I now brought out a handkerchief dyed with the stuff and showed it to Pike.

I thought I might have to explain it to him, but to Pike’s credit, he wasn’t stupid.

His eyes narrowed, and he turned the scrap over in his hands.

“Mercy,” he said softly. “That’s ten times as green as any green cloth I’ve ever seen.

” He lifted his eyes to me. “You did this?”

I nodded.

“And it’s fast?”

“I’ve washed and dried that scrap a dozen times. It’s hardly faded.”

“Expensive to make?”

“Not really.”

He nodded. “What do you want for it?”

I drew a deep breath. “Don’t marry me. Go up to Manchester, as Uncle asked you. There are dozens of cloth factories there. I am sure you could sell this stuff, don’t you agree?”

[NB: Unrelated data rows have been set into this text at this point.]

Lemma multiplierD I0 J g h e e' :
  multiplier I0 g e -> multiplier J h e' ->
  multiplier (fun i => I0 i /\ J i) (fun u => g u + h u) (e + e').
Proof.
move=> g_e h_e' I I_faithful IJ g2 d g2_d n a u Fa Lu.
rewrite linear_mapD; last exact: linear_bracketr.
apply: spanD.
- apply: (multiplier_mono (leq_addr e' e) g_e I_faithful _ g2_d Fa Lu).
  by move=> i /IJ [].
- apply: (multiplier_mono (leq_addl e e') h_e' I_faithful _ g2_d Fa Lu).
  by move=> i /IJ [].
Qed.

Lemma multiplierZ I0 g e c : multiplier I0 g e -> multiplier I0 (fun u => c *: g u) e.
Proof.
move=> g_e I I_faithful II0 g2 d g2_d n a u Fa Lu.
rewrite linear_mapZ; last exact: linear_bracketr.
exact/spanZ/(g_e I I_faithful II0 g2 d g2_d).
Qed.

Lemma multiplier_comp I0 J g h e e' :
  multiplier I0 g e -> multiplier J h e' ->
  multiplier (fun i => I0 i /\ J i) (fun u => g (h u)) (e' + e).
Proof.
move=> g_e h_e' I I_faithful IJ g2 d g2_d; rewrite addnA.
apply: g_e => [//|i /IJ []//|].
by apply: h_e' => // i /IJ [].
Qed.

(* By the Leibniz identities, each term of [a, [g2 u, y]] and [a, [y, g2 u]] is
   a shift by g2 preceded or followed by R_y or L_y, which lower the filtration
   by one step because R_y I0 and L_y I0 lie in A_0. *)
Lemma multiplier_bracketl I0 y :
  (forall i, I0 i -> A0 br L (fun u => br (i u) y)) -> multiplier I0 (br^~ y) 1.
Proof.
move=> yI0 I I_faithful II0 g2 d g2_d n a u Fa Lu /=.
have Fa' : filtration br L I (n + d).+1 a by rewrite -addn1 -addnA.
have lower_y m x : filtration br L I m.+1 x -> filtration br L I m (br x y).
  by apply: (filtration_lower I_faithful (linear_bracketl br_bilinear y)) => i /II0 /yI0.
case: br_leibniz => _ -> _; apply: spanB; last exact: g2_d (lower_y _ _ Fa') Lu.
by apply: lower_y; apply: g2_d Lu.
Qed.

Lemma multiplier_bracketr I0 y :
  (forall i, I0 i -> A0 br L (fun u => br (i u) y)) ->
  (forall i, I0 i -> A0 br L (fun u => br y (i u))) -> multiplier I0 (br y) 1.
Proof.
move=> yI0 I0y I I_faithful II0 g2 d g2_d n a u Fa Lu /=.
have Fa' : filtration br L I (n + d).+1 a by rewrite -addn1 -addnA.
have lower_yl m x : filtration br L I m.+1 x -> filtration br L I m (br x y).
  by apply: (filtration_lower I_faithful (linear_bracketl br_bilinear y)) => i /II0 /yI0.
have lower_yr m x : filtration br L I m.+1 x -> filtration br L I m (br y x).
  by apply: (filtration_lower I_faithful (linear_bracketr br_bilinear y)) => i /II0 /I0y.
case: br_leibniz => _ _ ->; apply: spanD; first exact: g2_d (lower_yl _ _ Fa') Lu.
by apply: lower_yr; apply: g2_d Lu.
Qed.

End Multipliers.

Section Absorbed.
Variables (F : fieldType) (Q : lmodType F) (br : Q -> Q -> Q) (L : Q -> Prop).
Hypotheses (br_leibniz : symmetric_leibniz br) (L_sub : subalgebra br L).
Hypotheses (ran0 : ran_trivial br) (lan0 : lan_trivial br).
Hypothesis absorbed : strong_right_ideally_absorbed (AQ br) (A0 br L).

Let br_bilinear : bilinear_br br. Proof. by case: br_leibniz. Qed.

(* For [y = 0] any faithful ideal will do, hence the base ideal [Ib]. *)
Lemma absorbing_ideal Ib y : faithful_ideal br L Ib ->
  exists2 I0, faithful_ideal br L I0 &
    forall i, I0 i -> A0 br L (fun u => br (i u) y) /\ A0 br L (fun u => br y (i u)).
Proof.
move=> Ib_faithful; have [->|y0] := classic (y = 0).
  exists Ib => // i /(faithful_ideal_A0 Ib_faithful) [Ai _].
  case: L_sub => L0 _ _; (split; split)=> [|x _||x _].
  - exact: (ga_comp (ga_R br false 0) Ai).
  - by rewrite (bracket0r br_bilinear).
  - exact: (ga_comp (ga_L br false 0) Ai).
  - by rewrite (bracket0l br_bilinear).
have [I0 [I0_ideal I0_lann _ yI0 I0y]] := absorbed (ga_R br false y) (ga_L br false y)
  (bracketl_nonzero ran0 y0) (bracketr_nonzero lan0 y0).
by exists I0 => // i Ii; split; [apply: yI0 | apply: I0y].
Qed.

“It’s possible there’d be a market,” he said cautiously.

“Good. Then the same arrangement as before.” I nodded. “We split the profits down the middle. People are always making huge fortunes up north.”

“I hardly think one little dye will net us a fortune. Do people really like green that much?”

“Yes,” I said. I had no idea. “Anyhow, I don’t need a fortune. Just enough to live comfortably. I imagine five thousand pounds or so ought to be enough.”

“Oh, is that all.” He drew the cloth between his fingers. “How will you account for your sudden windfall?”

“We can pretend some distant, eccentric relative left it to me. You can mock up a realistic enough will, can’t you? My father pays little attention to his relations, except as it pertains to the entail. I do not think it is impossible.”

“Wouldn’t it be easier to just marry me? We could skip the fraud.”

“Wouldn’t you rather have five thousand pounds to your own name? You’d have many pretty prospects then.”

He looked skeptical. “Forgive me if I lack your optimism.”

I drew a deep breath. “All right,” I said. “If… if the dye does not make us enough to live on… I… I’ll marry you.”

He rubbed a hand and regarded me with narrowed eyes, like I was a particularly complicated codicil in a will. That honest grin broke out again. “We have a bargain.”